(Information supplied)

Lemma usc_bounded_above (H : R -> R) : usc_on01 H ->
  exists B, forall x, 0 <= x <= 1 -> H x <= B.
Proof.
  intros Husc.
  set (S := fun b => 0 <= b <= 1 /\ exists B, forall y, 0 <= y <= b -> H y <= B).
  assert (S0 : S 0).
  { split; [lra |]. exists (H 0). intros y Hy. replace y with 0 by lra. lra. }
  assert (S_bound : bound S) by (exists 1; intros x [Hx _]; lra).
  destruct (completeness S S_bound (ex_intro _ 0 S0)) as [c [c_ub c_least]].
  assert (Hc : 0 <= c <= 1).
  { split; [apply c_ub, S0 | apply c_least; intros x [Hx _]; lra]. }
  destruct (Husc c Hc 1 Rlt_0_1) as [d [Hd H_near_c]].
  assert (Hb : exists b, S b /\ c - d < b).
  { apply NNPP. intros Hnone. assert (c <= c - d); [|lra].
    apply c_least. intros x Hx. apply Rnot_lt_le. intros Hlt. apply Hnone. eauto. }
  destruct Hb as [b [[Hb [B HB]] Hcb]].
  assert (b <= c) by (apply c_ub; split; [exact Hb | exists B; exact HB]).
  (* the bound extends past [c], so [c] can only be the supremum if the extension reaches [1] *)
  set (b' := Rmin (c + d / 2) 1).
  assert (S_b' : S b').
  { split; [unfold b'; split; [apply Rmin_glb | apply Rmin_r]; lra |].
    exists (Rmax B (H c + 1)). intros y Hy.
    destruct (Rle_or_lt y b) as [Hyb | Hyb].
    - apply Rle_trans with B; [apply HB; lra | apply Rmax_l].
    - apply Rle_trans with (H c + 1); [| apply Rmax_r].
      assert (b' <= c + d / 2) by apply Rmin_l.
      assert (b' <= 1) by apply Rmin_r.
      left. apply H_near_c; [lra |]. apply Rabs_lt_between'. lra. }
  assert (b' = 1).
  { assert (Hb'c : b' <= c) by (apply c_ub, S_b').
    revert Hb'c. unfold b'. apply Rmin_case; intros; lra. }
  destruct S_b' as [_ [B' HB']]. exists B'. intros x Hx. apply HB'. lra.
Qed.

(End Information supplied)

- **Exercise requirements**
Every one of the records is to be copied word for word.

- **Your solution**
Lemma usc_bounded_above (H : R -> R) : usc_on01 H ->
  exists B, forall x, 0 <= x <= 1 -> H x <= B.
Proof.
  intros Husc.
  set (S := fun b => 0 <= b <= 1 /\ exists B, forall y, 0 <= y <= b -> H y <= B).
  assert (S0 : S 0).
  { split; [lra |]. exists (H 0). intros y Hy. replace y with 0 by lra. lra. }
  assert (S_bound : bound S) by (exists 1; intros x [Hx _]; lra).
  destruct (completeness S S_bound (ex_intro _ 0 S0)) as [c [c_ub c_least]].
  assert (Hc : 0 <= c <= 1).
  { split; [apply c_ub, S0 | apply c_least; intros x [Hx _]; lra]. }
  destruct (Husc c Hc 1 Rlt_0_1) as [d [Hd H_near_c]].
  assert (Hb : exists b, S b /\ c - d < b).
  { apply NNPP. intros Hnone. assert (c <= c - d); [|lra].
    apply c_least. intros x Hx. apply Rnot_lt_le. intros Hlt. apply Hnone. eauto. }
  destruct Hb as [b [[Hb [B HB]] Hcb]].
  assert (b <= c) by (apply c_ub; split; [exact Hb | exists B; exact HB]).
  (* the bound extends past [c], so [c] can only be the supremum if the extension reaches [1] *)
  set (b' := Rmin (c + d / 2) 1).
  assert (S_b' : S b').
  { split; [unfold b'; split; [apply Rmin_glb | apply Rmin_r]; lra |].
    exists (Rmax B (H c + 1)). intros y Hy.
    destruct (Rle_or_lt y b) as [Hyb | Hyb].
    - apply Rle_trans with B; [apply HB; lra | apply Rmax_l].
    - apply Rle_trans with (H c + 1); [| apply Rmax_r].
      assert (b' <= c + d / 2) by apply Rmin_l.
      assert (b' <= 1) by apply Rmin_r.
      left. apply H_near_c; [lra |]. apply Rabs_lt_between'. lra. }
  assert (b' = 1).
  { assert (Hb'c : b' <= c) by (apply c_ub, S_b').
    revert Hb'c. unfold b'. apply Rmin_case; intros; lra. }
  destruct S_b' as [_ [B' HB']]. exists B'. intros x Hx. apply HB'. lra.
Qed.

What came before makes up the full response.